■ **Records provided**
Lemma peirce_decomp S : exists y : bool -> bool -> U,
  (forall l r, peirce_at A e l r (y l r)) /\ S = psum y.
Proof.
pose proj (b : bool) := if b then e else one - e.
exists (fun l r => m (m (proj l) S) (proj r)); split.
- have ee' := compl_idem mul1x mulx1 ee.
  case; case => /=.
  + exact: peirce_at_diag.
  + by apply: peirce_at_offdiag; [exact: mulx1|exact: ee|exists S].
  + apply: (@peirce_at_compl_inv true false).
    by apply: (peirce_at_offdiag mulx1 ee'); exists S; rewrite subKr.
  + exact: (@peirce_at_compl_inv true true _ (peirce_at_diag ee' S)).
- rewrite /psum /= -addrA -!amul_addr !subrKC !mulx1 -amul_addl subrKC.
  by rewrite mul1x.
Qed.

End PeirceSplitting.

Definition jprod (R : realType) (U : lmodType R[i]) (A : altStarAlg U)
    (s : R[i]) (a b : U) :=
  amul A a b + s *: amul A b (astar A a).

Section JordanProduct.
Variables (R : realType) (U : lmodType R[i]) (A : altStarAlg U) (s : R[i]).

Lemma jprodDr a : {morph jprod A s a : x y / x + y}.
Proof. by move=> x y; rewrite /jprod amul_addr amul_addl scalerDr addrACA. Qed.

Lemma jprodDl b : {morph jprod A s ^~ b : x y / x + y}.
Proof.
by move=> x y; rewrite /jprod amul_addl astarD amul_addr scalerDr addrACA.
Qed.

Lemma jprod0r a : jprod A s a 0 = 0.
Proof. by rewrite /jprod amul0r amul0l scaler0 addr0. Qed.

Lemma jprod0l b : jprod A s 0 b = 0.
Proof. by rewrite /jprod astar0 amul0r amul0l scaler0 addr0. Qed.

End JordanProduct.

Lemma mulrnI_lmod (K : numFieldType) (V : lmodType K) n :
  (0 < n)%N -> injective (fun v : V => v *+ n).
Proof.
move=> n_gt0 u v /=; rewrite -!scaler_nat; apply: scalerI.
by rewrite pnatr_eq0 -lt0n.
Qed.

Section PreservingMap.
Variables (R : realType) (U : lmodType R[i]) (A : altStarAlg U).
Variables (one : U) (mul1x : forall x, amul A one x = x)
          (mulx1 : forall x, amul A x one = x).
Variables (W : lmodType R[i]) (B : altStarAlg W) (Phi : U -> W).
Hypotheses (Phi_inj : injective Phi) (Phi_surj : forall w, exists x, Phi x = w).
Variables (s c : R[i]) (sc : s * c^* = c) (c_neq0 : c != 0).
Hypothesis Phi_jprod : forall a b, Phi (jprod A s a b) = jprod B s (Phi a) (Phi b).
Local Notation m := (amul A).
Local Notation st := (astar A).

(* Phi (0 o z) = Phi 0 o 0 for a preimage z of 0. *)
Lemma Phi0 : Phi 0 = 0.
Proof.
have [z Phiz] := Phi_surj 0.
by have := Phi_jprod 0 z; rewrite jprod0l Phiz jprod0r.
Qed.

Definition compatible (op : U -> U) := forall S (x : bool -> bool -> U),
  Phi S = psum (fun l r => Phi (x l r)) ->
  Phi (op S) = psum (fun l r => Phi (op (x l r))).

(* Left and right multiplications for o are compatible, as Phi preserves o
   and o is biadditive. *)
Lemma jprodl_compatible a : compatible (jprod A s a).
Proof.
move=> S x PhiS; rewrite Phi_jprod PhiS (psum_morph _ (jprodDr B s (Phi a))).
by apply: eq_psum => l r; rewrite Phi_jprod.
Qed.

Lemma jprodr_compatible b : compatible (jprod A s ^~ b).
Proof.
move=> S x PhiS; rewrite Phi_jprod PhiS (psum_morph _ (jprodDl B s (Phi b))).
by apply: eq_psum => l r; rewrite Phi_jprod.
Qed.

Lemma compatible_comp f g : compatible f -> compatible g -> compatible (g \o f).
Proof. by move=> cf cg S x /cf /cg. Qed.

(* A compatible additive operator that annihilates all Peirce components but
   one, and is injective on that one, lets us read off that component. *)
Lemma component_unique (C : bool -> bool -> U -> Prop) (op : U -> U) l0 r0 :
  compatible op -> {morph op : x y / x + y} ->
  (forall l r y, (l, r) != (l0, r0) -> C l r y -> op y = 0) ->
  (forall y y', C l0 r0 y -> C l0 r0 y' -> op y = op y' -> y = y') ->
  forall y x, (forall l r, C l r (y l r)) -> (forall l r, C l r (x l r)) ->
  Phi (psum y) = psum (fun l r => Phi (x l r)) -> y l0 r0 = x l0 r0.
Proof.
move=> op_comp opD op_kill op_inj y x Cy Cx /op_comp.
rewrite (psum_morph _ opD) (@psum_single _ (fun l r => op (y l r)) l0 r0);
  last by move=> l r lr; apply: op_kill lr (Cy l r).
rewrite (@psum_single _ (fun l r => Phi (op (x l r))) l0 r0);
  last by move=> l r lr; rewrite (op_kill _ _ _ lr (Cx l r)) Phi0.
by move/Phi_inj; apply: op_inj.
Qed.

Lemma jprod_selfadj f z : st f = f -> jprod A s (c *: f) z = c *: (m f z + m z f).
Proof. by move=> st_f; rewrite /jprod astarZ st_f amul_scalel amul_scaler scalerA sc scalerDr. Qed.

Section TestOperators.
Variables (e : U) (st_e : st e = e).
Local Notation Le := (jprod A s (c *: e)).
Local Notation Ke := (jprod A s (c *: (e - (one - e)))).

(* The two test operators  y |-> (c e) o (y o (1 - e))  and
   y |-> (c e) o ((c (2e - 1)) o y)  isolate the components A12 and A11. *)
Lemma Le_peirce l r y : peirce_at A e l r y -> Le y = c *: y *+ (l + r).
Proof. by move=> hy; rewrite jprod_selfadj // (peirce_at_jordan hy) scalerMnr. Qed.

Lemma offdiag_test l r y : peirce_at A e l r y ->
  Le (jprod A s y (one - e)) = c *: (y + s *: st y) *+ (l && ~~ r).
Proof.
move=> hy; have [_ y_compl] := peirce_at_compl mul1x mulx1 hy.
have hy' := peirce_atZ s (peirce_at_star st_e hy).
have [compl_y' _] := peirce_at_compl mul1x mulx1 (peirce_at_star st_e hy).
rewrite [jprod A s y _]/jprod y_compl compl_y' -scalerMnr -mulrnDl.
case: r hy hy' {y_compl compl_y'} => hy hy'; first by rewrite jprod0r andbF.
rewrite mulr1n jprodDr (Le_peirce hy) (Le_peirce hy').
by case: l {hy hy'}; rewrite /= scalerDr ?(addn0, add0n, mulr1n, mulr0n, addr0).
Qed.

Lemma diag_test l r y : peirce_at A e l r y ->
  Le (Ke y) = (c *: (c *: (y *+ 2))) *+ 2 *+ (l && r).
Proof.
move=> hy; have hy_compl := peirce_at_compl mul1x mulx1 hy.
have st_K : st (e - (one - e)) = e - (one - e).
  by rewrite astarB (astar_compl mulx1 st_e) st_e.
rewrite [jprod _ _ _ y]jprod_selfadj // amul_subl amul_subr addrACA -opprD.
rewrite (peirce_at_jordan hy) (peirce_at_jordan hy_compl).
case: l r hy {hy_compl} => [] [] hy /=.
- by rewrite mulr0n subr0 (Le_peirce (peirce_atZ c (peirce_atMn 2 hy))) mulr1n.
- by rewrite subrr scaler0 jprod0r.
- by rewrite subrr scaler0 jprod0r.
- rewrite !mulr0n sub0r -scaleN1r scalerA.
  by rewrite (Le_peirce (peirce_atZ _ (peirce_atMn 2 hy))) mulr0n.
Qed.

--

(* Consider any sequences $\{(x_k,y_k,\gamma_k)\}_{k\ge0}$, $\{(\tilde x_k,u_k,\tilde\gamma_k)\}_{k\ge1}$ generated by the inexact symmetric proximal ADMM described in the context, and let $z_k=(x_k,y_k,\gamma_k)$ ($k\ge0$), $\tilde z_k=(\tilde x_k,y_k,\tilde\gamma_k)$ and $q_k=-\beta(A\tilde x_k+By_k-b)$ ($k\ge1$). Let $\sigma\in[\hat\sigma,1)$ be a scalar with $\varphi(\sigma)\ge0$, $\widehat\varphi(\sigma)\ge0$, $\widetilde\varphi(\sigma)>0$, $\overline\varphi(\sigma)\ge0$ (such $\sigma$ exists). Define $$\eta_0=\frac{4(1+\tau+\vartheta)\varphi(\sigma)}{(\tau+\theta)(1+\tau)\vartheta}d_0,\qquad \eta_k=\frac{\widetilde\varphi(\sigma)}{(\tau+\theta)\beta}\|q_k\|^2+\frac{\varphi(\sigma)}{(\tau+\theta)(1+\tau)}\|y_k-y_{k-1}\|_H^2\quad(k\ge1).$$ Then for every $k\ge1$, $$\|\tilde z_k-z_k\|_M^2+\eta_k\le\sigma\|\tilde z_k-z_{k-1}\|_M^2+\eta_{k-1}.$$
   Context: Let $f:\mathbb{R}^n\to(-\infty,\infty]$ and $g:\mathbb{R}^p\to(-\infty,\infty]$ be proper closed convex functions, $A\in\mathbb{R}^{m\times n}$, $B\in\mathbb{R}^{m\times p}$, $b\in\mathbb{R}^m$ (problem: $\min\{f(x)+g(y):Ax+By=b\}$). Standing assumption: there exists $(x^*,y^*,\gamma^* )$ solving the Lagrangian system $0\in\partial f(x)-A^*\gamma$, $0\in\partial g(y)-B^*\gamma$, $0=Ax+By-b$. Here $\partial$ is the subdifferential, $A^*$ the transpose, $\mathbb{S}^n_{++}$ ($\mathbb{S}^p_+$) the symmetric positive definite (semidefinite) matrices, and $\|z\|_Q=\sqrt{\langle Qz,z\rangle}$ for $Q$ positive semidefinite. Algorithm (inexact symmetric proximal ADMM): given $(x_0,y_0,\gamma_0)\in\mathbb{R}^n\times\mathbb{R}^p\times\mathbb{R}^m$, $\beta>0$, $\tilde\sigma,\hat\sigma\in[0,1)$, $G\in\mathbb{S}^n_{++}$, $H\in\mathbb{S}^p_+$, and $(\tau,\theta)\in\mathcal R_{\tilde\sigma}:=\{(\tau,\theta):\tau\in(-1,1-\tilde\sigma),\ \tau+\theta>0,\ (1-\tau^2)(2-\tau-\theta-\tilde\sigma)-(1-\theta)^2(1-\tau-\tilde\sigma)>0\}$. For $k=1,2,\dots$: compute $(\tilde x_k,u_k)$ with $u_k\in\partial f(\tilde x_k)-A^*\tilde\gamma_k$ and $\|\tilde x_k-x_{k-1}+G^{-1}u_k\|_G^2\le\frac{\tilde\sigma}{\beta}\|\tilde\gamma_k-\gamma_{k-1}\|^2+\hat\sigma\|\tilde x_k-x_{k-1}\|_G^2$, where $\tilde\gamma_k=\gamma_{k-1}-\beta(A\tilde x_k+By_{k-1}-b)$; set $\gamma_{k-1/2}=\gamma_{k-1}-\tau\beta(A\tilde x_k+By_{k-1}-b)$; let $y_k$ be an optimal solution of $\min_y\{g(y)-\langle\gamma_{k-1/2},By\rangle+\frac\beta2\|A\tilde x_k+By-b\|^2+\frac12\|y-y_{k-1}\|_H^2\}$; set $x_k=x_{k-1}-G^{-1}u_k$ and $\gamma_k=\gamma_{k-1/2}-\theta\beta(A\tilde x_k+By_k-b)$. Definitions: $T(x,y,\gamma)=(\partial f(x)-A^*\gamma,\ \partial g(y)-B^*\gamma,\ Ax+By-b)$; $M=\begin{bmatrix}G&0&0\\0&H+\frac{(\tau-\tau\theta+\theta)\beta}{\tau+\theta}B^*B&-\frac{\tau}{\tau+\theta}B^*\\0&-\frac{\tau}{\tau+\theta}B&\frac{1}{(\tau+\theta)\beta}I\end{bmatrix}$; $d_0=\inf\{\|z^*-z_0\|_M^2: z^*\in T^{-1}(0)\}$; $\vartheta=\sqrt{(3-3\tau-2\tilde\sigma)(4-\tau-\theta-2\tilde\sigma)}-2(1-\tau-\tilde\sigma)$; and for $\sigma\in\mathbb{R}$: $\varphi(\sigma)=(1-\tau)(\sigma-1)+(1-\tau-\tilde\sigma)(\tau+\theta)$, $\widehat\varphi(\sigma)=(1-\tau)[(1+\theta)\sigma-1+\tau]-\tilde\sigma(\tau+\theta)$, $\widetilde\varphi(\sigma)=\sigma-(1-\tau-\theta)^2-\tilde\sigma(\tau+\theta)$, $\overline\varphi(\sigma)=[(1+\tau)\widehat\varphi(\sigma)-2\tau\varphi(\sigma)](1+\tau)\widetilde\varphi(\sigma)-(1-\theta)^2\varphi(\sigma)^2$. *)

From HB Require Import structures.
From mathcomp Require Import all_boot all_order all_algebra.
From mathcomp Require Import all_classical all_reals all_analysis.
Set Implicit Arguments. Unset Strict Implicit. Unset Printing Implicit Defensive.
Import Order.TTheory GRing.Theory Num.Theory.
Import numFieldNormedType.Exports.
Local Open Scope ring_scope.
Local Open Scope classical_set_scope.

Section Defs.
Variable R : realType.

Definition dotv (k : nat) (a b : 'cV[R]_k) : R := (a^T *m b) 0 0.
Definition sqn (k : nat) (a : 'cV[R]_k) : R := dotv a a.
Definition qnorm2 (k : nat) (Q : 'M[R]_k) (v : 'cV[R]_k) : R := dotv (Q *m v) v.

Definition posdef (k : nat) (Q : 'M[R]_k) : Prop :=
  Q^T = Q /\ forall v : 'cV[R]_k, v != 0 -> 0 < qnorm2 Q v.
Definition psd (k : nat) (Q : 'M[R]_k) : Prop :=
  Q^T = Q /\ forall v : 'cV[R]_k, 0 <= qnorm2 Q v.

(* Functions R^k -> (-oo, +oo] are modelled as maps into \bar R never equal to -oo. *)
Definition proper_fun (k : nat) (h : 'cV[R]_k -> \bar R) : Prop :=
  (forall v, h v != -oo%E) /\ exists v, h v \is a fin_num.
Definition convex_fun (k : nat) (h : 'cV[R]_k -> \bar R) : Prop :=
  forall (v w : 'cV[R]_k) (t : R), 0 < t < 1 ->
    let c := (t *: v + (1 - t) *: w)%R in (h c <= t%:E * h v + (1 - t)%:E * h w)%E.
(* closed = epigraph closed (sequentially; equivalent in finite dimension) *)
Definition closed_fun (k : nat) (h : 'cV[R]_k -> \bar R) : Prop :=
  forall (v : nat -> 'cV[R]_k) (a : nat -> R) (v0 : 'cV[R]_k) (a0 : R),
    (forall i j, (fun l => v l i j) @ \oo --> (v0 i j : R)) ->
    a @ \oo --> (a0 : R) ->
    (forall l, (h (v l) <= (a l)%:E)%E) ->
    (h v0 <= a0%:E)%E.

* * *

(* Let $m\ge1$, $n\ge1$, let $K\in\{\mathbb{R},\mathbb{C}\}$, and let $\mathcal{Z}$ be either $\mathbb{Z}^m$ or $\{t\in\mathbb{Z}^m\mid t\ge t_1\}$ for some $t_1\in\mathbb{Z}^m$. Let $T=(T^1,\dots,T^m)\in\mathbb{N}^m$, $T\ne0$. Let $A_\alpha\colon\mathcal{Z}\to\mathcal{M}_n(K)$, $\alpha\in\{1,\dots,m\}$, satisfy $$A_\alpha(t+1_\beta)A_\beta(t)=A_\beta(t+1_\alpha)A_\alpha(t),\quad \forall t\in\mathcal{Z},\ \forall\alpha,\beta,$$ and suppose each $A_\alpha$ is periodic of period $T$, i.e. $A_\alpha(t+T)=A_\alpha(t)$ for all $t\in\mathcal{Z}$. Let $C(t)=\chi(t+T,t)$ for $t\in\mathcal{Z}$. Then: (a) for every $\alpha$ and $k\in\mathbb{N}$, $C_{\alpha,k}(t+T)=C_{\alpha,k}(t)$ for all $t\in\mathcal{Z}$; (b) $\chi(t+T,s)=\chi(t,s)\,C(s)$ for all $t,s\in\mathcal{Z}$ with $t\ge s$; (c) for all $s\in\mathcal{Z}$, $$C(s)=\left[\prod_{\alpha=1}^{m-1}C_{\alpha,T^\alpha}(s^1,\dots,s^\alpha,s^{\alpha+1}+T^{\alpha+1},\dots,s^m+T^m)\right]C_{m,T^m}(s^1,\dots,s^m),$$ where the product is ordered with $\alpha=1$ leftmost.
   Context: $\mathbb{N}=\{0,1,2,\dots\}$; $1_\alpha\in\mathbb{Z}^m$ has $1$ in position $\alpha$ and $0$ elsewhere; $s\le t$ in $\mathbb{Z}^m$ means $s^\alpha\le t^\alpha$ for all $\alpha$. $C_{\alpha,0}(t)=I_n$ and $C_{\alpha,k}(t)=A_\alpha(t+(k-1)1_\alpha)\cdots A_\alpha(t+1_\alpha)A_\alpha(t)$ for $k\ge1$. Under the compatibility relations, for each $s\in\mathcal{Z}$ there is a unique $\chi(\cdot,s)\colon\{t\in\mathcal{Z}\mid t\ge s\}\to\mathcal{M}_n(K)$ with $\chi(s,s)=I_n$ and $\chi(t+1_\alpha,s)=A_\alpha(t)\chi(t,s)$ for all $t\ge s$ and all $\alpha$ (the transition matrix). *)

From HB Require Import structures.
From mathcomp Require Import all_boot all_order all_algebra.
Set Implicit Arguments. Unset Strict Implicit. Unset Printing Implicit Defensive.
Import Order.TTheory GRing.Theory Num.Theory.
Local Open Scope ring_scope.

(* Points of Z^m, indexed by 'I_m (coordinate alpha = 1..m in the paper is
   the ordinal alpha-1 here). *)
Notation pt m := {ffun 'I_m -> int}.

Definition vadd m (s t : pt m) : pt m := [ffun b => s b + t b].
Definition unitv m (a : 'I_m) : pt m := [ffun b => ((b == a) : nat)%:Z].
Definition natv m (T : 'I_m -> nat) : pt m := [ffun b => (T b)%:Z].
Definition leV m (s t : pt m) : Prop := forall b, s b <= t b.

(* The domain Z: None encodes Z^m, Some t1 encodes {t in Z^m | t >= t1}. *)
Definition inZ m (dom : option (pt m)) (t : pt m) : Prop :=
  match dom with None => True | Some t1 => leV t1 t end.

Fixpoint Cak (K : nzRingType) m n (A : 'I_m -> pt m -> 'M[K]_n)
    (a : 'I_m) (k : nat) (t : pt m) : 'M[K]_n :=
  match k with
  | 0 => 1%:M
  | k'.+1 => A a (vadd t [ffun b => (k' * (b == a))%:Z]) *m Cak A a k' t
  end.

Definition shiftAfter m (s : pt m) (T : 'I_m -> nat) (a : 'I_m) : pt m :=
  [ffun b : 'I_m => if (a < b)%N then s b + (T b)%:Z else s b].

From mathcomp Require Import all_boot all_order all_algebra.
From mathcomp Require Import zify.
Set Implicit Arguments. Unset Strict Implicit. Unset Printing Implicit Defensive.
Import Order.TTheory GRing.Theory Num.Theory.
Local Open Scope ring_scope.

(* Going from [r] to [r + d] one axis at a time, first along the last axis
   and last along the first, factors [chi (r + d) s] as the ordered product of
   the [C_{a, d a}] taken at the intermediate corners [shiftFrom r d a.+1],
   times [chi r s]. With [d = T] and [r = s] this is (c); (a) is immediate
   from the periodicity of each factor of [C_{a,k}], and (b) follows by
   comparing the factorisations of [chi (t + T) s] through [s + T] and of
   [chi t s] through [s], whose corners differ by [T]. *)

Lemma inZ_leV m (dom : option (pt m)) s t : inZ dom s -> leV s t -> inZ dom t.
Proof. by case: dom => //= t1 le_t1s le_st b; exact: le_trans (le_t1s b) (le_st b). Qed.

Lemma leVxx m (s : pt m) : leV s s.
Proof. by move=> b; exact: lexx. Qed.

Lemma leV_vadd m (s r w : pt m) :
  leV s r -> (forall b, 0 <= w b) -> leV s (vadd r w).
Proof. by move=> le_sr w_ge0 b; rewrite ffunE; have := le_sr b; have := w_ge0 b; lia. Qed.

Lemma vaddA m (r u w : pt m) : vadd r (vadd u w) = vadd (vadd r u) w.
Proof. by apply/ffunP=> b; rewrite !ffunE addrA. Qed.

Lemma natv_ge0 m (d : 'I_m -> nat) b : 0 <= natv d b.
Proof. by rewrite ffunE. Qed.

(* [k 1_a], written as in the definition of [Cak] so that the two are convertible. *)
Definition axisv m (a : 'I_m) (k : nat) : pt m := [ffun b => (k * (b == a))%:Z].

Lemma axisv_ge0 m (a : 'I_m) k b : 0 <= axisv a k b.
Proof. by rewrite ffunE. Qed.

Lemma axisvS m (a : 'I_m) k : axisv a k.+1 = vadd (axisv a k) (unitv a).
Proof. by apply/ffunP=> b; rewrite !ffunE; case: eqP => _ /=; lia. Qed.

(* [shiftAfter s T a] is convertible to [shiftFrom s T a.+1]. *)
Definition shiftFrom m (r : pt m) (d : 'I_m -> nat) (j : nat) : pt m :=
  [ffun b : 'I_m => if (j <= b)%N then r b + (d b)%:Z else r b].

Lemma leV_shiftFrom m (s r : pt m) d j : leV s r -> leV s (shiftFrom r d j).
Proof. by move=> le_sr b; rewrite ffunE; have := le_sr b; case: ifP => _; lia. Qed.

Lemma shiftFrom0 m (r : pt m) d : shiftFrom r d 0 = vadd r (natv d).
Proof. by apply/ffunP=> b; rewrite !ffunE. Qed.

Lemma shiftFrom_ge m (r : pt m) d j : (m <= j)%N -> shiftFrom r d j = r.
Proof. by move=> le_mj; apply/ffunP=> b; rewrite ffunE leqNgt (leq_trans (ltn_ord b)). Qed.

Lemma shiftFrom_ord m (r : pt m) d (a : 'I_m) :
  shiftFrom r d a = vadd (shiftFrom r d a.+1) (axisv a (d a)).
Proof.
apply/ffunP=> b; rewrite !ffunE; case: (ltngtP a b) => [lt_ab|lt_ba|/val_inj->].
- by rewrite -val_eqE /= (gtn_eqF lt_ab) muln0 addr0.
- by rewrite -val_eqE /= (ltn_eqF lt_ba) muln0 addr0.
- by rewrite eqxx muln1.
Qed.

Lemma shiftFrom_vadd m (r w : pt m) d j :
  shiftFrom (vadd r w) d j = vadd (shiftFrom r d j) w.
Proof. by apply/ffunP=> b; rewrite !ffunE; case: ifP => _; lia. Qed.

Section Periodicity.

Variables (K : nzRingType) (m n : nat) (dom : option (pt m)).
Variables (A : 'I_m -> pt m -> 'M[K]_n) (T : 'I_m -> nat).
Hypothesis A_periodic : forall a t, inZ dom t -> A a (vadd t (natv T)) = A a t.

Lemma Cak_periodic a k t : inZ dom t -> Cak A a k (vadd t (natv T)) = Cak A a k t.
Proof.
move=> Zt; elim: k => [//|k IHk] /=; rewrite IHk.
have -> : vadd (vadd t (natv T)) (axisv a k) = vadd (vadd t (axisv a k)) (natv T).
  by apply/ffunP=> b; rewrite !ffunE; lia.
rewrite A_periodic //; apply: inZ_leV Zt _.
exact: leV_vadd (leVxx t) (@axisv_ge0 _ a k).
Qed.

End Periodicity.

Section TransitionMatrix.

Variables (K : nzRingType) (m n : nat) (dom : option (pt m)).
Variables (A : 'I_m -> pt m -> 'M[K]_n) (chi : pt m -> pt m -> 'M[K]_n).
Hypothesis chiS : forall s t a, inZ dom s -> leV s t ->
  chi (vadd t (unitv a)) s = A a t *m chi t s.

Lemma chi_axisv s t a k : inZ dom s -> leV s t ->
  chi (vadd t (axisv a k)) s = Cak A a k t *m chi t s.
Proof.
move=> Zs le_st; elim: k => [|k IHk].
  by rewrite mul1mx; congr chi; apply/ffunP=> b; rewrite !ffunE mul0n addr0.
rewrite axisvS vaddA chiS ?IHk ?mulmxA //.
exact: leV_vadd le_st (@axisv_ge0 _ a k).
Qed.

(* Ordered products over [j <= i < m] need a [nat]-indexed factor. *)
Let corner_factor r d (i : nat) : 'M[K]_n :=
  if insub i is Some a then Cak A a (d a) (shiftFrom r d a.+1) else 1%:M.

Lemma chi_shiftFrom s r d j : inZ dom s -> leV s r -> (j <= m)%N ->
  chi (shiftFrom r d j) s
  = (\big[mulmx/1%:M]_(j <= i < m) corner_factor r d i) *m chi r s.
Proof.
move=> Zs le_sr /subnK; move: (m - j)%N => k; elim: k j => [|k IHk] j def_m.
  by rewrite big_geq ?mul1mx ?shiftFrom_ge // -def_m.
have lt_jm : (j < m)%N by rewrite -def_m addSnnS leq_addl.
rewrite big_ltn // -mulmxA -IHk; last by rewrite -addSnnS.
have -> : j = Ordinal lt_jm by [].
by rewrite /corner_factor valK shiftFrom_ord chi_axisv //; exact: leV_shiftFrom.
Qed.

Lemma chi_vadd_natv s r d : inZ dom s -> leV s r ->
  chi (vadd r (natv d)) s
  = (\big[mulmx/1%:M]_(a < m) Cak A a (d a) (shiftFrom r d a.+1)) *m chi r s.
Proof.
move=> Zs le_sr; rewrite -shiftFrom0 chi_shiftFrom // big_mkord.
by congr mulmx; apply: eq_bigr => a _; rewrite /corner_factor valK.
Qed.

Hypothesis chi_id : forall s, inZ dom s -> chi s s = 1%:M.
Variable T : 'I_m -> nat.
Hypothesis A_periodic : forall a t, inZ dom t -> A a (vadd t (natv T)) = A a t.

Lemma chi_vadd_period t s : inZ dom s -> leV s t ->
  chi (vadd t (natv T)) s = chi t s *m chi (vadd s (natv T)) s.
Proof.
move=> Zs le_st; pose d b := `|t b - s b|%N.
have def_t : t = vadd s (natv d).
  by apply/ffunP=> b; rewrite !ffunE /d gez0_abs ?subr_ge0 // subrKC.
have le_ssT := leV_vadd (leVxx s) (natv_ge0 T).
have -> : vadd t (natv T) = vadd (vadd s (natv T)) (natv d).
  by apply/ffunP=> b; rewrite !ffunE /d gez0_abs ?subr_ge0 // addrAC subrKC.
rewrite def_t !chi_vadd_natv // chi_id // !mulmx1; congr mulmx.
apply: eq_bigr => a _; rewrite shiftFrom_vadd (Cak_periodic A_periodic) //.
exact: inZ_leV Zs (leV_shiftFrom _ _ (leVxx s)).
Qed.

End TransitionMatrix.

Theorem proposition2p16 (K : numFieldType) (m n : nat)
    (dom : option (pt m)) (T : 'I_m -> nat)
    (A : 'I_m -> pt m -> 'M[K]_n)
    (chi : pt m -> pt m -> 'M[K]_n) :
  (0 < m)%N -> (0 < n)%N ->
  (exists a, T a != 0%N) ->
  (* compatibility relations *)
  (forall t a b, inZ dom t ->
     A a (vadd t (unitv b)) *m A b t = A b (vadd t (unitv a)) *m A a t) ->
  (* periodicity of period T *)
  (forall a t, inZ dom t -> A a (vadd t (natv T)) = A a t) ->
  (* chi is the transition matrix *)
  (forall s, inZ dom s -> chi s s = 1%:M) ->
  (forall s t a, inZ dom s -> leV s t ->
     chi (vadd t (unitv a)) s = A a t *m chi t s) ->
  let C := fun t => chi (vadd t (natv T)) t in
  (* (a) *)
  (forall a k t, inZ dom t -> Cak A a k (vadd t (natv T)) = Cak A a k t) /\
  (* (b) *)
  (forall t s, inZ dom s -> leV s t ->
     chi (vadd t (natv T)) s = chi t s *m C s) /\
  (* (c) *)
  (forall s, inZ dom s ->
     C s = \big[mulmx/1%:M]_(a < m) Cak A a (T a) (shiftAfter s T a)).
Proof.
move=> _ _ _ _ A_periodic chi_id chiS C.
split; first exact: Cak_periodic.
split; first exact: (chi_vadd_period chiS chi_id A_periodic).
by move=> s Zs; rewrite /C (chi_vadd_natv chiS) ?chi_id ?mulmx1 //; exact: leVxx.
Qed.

■ **What the exercise asks**
Give back exactly the lines above, from the line containing "Variables (e : U) (st_e : st e = e)." through the line containing "case: l r hy", with both end lines and nothing more.

■ **Solution**
Variables (e : U) (st_e : st e = e).
Local Notation Le := (jprod A s (c *: e)).
Local Notation Ke := (jprod A s (c *: (e - (one - e)))).

(* The two test operators  y |-> (c e) o (y o (1 - e))  and
   y |-> (c e) o ((c (2e - 1)) o y)  isolate the components A12 and A11. *)
Lemma Le_peirce l r y : peirce_at A e l r y -> Le y = c *: y *+ (l + r).
Proof. by move=> hy; rewrite jprod_selfadj // (peirce_at_jordan hy) scalerMnr. Qed.

Lemma offdiag_test l r y : peirce_at A e l r y ->
  Le (jprod A s y (one - e)) = c *: (y + s *: st y) *+ (l && ~~ r).
Proof.
move=> hy; have [_ y_compl] := peirce_at_compl mul1x mulx1 hy.
have hy' := peirce_atZ s (peirce_at_star st_e hy).
have [compl_y' _] := peirce_at_compl mul1x mulx1 (peirce_at_star st_e hy).
rewrite [jprod A s y _]/jprod y_compl compl_y' -scalerMnr -mulrnDl.
case: r hy hy' {y_compl compl_y'} => hy hy'; first by rewrite jprod0r andbF.
rewrite mulr1n jprodDr (Le_peirce hy) (Le_peirce hy').
by case: l {hy hy'}; rewrite /= scalerDr ?(addn0, add0n, mulr1n, mulr0n, addr0).
Qed.

Lemma diag_test l r y : peirce_at A e l r y ->
  Le (Ke y) = (c *: (c *: (y *+ 2))) *+ 2 *+ (l && r).
Proof.
move=> hy; have hy_compl := peirce_at_compl mul1x mulx1 hy.
have st_K : st (e - (one - e)) = e - (one - e).
  by rewrite astarB (astar_compl mulx1 st_e) st_e.
rewrite [jprod _ _ _ y]jprod_selfadj // amul_subl amul_subr addrACA -opprD.
rewrite (peirce_at_jordan hy) (peirce_at_jordan hy_compl).
case: l r hy {hy_compl} => [] [] hy /=.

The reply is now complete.